**Material for this task:**
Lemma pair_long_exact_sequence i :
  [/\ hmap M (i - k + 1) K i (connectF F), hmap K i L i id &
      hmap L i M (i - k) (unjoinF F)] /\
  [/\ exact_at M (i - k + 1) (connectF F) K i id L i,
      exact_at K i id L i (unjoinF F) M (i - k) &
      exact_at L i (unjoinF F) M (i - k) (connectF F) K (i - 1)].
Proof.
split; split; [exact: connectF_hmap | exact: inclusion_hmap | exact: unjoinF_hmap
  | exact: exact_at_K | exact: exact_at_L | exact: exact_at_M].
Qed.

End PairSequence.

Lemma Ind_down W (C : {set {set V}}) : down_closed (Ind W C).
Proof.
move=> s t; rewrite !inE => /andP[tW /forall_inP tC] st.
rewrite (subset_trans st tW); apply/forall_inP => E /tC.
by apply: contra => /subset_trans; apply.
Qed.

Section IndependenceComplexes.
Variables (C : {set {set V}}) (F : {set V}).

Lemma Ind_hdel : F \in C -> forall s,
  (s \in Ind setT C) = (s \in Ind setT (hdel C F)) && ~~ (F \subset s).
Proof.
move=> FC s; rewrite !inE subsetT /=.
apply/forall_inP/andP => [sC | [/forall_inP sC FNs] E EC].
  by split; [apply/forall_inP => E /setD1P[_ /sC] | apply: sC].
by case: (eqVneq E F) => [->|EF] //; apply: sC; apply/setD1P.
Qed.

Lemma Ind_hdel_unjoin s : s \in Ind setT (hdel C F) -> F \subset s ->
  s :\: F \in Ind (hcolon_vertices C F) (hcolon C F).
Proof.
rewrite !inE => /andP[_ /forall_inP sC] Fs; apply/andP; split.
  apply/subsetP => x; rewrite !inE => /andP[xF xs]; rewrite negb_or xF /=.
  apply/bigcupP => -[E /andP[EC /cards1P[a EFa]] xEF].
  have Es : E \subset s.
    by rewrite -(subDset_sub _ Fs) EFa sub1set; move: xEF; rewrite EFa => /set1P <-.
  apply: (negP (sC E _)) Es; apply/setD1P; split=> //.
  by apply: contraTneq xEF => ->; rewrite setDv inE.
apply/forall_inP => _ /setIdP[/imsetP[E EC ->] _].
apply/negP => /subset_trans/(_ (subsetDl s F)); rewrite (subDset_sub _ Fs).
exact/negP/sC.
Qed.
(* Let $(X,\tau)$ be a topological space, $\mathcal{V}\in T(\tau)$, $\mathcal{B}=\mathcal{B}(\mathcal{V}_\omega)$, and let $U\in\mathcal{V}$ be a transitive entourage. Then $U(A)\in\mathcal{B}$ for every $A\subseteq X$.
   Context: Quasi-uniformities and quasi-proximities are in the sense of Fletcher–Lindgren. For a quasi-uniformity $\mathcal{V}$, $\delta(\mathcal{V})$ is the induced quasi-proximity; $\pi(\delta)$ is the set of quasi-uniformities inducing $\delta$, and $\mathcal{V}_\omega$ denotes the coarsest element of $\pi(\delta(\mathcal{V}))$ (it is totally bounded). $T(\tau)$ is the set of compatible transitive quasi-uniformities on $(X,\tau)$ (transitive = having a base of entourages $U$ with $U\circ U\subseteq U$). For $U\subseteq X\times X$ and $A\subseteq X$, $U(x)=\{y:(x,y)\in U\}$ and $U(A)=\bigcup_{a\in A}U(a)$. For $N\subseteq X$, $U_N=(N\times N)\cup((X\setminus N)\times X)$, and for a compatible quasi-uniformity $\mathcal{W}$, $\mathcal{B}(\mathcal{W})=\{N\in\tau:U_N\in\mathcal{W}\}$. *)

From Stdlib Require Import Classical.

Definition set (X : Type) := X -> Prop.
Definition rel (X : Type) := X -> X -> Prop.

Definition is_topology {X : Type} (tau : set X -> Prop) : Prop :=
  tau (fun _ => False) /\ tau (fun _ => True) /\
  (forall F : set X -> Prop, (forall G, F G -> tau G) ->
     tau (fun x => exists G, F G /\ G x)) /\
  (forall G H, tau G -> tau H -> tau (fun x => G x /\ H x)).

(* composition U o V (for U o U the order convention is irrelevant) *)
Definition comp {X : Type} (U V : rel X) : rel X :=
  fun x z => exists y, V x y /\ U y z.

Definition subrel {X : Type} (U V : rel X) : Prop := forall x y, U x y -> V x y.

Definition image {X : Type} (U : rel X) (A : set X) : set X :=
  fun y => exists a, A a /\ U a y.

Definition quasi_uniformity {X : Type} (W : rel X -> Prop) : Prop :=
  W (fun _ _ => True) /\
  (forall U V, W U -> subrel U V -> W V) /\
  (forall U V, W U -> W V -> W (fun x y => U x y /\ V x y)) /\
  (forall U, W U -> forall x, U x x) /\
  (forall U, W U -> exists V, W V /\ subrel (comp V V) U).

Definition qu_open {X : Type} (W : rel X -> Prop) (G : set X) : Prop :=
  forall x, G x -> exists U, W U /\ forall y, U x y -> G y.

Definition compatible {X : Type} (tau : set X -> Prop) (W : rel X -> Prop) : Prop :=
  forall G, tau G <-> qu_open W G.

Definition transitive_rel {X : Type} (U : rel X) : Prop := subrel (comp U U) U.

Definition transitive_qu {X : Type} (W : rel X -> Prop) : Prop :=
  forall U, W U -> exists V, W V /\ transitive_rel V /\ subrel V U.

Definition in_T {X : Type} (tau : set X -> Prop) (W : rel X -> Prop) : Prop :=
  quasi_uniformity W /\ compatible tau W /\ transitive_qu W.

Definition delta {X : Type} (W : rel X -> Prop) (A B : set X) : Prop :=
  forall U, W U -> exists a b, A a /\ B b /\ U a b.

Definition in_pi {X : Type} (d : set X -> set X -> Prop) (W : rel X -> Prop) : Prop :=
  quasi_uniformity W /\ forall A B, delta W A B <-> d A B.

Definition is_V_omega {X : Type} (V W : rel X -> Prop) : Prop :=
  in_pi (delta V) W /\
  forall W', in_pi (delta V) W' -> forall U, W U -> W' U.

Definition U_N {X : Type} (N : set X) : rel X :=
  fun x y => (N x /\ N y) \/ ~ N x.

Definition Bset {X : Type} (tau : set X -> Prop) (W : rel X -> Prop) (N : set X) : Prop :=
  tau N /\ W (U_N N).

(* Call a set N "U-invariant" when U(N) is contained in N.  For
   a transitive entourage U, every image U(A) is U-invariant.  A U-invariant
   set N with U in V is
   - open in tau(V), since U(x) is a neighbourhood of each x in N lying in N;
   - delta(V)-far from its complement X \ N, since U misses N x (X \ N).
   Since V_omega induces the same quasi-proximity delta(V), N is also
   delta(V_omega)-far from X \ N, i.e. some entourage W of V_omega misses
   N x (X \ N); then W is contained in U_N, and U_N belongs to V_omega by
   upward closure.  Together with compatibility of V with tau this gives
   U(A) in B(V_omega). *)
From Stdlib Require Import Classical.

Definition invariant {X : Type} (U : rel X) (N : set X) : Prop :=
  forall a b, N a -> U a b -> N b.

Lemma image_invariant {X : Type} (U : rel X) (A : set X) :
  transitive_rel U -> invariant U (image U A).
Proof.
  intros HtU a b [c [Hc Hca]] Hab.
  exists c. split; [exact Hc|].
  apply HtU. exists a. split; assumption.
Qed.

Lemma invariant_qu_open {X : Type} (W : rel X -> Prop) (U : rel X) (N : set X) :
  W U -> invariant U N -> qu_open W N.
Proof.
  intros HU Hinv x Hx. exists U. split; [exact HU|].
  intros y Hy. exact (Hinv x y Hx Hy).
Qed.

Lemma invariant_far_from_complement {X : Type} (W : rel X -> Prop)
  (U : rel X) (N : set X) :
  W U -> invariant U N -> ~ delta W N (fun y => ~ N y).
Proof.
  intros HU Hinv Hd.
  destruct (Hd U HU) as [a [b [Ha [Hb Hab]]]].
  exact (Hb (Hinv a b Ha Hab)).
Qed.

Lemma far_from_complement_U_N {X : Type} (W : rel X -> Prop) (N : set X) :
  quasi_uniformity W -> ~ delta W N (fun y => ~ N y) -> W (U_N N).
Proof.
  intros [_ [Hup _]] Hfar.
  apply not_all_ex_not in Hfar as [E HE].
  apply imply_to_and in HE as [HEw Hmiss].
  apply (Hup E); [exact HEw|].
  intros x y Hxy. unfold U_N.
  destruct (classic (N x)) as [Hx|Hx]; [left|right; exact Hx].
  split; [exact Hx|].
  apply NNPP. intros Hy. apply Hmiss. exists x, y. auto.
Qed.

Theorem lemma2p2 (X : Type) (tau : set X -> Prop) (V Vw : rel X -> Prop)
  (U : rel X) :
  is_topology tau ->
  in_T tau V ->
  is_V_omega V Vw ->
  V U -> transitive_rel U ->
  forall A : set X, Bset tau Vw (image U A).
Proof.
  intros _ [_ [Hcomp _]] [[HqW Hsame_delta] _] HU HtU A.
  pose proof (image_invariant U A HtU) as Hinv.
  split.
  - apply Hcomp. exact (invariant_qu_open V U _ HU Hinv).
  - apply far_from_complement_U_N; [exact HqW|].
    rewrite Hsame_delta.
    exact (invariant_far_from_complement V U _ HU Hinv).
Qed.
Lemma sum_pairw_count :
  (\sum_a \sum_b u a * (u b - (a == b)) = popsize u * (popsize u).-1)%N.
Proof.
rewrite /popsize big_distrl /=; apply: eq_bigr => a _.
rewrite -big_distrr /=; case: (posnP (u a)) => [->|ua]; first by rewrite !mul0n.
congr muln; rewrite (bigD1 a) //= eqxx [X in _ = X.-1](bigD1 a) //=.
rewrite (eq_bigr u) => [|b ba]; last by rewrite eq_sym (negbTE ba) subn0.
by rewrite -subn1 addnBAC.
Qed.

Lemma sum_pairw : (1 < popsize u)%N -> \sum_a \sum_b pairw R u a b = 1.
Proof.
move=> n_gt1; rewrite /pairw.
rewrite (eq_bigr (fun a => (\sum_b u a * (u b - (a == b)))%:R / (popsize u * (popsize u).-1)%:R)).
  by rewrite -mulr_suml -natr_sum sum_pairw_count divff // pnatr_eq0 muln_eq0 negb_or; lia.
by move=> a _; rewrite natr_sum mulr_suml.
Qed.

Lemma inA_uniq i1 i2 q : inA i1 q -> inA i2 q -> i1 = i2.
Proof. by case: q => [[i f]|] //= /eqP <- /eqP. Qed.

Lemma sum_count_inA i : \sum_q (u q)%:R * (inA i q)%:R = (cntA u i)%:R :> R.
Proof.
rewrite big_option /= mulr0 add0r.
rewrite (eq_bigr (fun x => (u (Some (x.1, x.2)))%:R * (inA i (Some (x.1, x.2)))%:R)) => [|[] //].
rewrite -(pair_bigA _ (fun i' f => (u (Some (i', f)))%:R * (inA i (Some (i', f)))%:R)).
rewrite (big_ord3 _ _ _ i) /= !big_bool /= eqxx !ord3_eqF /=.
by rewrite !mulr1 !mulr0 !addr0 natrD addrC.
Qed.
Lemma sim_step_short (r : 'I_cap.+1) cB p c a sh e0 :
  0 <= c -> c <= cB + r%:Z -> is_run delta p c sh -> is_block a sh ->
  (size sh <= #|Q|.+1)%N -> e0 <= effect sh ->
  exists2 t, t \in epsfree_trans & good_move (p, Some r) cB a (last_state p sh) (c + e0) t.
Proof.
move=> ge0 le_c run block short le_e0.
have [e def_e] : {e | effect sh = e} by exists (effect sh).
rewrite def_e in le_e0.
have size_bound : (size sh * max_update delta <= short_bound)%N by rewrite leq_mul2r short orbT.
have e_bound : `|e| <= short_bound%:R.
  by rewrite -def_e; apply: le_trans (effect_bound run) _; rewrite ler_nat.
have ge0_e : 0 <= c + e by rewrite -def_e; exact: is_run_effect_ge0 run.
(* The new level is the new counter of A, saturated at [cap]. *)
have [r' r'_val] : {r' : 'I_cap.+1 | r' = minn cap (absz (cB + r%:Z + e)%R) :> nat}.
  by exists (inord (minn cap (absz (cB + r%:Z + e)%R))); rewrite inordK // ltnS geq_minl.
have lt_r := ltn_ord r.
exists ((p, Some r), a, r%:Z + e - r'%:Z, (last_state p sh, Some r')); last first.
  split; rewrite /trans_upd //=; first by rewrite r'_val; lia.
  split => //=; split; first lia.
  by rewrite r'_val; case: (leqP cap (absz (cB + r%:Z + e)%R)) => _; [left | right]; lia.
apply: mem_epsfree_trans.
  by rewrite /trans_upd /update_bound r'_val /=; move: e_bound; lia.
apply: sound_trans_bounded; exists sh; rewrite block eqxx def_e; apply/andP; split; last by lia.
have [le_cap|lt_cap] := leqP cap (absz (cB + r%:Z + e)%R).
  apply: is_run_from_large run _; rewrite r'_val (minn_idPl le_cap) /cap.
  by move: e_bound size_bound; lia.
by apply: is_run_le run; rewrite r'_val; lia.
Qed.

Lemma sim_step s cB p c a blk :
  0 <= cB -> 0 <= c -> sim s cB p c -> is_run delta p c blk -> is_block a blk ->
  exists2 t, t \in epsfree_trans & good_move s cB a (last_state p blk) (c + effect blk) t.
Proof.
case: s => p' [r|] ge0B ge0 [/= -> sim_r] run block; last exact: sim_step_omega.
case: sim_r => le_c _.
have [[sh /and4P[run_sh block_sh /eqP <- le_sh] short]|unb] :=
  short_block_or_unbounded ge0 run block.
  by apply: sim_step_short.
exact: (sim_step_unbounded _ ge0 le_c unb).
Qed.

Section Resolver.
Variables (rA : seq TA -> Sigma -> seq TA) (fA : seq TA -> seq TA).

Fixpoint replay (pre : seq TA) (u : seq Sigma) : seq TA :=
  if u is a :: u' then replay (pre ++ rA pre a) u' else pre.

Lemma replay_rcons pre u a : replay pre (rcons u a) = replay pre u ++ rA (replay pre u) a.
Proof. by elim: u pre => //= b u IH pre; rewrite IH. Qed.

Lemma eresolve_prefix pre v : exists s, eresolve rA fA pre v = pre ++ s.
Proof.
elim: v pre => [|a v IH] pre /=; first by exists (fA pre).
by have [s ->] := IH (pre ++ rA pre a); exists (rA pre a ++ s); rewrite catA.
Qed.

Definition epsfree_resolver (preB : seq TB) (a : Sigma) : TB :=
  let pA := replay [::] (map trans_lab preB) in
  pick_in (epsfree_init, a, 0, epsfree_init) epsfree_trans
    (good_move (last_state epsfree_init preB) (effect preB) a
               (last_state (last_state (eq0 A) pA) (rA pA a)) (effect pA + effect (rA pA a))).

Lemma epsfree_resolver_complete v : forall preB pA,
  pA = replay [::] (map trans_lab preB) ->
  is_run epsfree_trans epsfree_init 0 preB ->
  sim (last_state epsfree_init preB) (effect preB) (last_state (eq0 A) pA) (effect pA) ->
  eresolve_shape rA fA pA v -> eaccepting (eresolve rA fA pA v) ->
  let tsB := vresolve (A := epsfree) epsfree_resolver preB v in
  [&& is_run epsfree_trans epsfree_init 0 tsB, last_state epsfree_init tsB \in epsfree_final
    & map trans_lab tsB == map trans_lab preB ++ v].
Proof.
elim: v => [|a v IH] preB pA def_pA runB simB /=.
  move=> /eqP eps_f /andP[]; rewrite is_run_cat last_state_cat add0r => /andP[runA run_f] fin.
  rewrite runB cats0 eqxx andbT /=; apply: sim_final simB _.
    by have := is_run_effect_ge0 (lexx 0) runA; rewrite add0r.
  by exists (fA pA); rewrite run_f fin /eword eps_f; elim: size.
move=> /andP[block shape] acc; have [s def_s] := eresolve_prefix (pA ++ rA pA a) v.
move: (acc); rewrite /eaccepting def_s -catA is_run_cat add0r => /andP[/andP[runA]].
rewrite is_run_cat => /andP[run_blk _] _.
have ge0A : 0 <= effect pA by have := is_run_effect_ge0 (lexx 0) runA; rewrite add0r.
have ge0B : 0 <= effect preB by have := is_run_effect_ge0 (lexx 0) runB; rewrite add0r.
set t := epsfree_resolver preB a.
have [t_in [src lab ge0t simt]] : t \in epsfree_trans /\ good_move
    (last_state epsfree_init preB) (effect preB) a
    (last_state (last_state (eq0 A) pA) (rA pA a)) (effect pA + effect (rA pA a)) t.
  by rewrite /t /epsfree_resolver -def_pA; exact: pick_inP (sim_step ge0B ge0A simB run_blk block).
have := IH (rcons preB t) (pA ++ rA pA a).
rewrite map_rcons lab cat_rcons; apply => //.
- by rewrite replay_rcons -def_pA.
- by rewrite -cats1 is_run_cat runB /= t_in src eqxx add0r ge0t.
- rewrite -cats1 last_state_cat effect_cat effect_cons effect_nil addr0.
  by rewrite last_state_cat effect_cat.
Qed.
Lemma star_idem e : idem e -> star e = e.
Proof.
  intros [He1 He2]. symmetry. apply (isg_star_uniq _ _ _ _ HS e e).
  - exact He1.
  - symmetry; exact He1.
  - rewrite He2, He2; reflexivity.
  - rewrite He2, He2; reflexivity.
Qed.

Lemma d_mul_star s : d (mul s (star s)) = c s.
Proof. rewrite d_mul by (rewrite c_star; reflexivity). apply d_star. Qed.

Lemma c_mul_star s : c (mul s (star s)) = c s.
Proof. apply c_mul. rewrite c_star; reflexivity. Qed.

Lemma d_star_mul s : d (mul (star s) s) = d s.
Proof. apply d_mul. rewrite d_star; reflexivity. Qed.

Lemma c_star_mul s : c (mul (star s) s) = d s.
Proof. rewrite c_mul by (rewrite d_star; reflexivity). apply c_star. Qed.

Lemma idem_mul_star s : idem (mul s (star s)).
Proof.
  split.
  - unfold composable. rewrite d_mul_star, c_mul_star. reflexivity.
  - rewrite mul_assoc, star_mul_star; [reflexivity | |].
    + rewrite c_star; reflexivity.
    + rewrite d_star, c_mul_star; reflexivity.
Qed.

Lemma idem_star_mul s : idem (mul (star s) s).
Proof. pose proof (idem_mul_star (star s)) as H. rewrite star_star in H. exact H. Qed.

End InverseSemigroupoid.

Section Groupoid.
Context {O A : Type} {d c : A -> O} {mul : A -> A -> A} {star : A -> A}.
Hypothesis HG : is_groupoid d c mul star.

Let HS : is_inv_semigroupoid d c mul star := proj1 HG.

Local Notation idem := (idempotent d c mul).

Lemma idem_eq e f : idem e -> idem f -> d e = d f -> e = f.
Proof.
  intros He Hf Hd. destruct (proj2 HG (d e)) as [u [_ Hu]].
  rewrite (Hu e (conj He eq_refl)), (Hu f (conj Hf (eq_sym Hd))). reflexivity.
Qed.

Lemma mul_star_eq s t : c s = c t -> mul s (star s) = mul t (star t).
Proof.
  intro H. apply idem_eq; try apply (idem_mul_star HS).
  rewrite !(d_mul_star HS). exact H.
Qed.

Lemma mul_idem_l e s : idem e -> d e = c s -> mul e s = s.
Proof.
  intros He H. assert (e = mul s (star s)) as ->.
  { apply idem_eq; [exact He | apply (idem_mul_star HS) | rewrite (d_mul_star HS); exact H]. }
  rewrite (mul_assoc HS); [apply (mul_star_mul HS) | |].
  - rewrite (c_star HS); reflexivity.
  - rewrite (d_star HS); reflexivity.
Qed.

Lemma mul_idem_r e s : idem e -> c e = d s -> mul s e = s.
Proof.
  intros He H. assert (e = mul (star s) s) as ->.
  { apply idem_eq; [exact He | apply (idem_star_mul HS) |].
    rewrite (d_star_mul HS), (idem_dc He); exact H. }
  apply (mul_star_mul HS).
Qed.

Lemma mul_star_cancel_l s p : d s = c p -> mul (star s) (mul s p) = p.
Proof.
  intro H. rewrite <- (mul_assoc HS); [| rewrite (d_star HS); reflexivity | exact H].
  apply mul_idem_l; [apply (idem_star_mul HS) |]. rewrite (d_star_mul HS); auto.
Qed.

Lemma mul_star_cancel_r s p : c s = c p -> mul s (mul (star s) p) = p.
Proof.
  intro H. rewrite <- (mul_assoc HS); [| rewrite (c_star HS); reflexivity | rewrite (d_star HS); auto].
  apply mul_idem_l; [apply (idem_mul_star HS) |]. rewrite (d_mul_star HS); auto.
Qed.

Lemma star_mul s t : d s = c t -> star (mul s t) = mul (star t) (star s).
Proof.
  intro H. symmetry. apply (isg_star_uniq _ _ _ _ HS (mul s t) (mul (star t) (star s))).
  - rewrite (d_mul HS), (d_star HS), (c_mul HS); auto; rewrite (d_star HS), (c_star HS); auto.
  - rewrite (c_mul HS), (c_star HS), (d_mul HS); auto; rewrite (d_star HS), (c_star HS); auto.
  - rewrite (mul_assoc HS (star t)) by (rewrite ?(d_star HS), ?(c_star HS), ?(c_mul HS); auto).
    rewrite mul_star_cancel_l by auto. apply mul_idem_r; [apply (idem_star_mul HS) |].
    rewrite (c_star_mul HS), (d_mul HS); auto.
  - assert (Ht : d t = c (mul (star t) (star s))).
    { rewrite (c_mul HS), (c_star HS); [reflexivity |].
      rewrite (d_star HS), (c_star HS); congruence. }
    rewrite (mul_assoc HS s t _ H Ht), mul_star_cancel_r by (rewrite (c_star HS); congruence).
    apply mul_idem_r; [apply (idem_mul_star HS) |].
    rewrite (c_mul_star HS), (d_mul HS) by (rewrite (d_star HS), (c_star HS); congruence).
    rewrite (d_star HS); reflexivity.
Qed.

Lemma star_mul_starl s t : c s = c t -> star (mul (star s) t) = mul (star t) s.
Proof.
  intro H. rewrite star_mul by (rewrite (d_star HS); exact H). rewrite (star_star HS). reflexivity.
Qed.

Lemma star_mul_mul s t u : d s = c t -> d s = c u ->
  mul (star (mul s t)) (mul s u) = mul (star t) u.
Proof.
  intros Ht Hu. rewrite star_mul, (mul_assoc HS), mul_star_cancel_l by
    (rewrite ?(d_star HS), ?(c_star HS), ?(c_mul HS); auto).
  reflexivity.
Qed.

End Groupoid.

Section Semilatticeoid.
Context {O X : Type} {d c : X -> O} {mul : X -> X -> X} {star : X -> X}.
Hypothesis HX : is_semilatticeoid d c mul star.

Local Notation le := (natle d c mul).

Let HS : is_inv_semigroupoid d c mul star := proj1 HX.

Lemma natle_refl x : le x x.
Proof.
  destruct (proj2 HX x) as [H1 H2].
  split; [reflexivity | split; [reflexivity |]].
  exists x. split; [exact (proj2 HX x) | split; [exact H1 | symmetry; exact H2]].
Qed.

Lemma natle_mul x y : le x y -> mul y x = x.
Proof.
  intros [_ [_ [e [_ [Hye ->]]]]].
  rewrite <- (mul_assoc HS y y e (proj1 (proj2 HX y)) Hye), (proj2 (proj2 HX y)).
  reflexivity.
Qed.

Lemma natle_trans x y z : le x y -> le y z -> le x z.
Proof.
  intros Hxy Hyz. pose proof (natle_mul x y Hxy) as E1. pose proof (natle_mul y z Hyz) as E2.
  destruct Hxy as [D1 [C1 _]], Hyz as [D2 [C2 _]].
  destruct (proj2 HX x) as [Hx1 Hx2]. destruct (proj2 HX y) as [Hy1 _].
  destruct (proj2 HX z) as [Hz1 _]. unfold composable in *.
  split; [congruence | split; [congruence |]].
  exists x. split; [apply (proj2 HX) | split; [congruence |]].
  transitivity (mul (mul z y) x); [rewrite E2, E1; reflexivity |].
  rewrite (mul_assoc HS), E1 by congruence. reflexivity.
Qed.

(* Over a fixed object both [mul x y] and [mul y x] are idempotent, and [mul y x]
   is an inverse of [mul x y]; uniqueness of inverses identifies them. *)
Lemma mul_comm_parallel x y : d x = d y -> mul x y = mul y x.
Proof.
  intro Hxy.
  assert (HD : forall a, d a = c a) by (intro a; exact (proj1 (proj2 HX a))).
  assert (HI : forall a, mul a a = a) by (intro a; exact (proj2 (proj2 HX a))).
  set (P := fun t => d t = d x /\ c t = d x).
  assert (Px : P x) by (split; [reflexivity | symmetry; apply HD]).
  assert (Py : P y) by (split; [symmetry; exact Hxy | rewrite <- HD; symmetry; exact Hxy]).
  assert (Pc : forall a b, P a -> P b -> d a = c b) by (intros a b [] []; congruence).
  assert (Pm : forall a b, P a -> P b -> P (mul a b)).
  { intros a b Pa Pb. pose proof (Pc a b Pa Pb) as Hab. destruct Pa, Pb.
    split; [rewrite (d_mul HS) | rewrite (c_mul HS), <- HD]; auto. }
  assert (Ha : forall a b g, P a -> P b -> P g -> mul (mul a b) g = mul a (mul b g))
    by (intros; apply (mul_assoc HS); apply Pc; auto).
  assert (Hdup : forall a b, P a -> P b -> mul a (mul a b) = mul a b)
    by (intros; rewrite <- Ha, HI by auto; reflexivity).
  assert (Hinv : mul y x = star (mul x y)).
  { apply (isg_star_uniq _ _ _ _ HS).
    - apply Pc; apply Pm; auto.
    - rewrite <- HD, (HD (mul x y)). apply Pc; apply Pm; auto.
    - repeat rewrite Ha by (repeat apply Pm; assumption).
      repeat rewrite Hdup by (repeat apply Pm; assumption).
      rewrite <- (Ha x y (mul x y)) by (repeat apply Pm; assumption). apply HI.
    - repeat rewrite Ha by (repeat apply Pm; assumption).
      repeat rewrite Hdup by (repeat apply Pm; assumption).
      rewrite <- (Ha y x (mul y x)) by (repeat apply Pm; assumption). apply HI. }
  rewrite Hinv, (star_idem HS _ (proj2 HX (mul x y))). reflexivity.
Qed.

**How to complete this task:** Check each line of the material for the string "negP", then state how many lines have it and nothing more.

**Exercise solution:** 3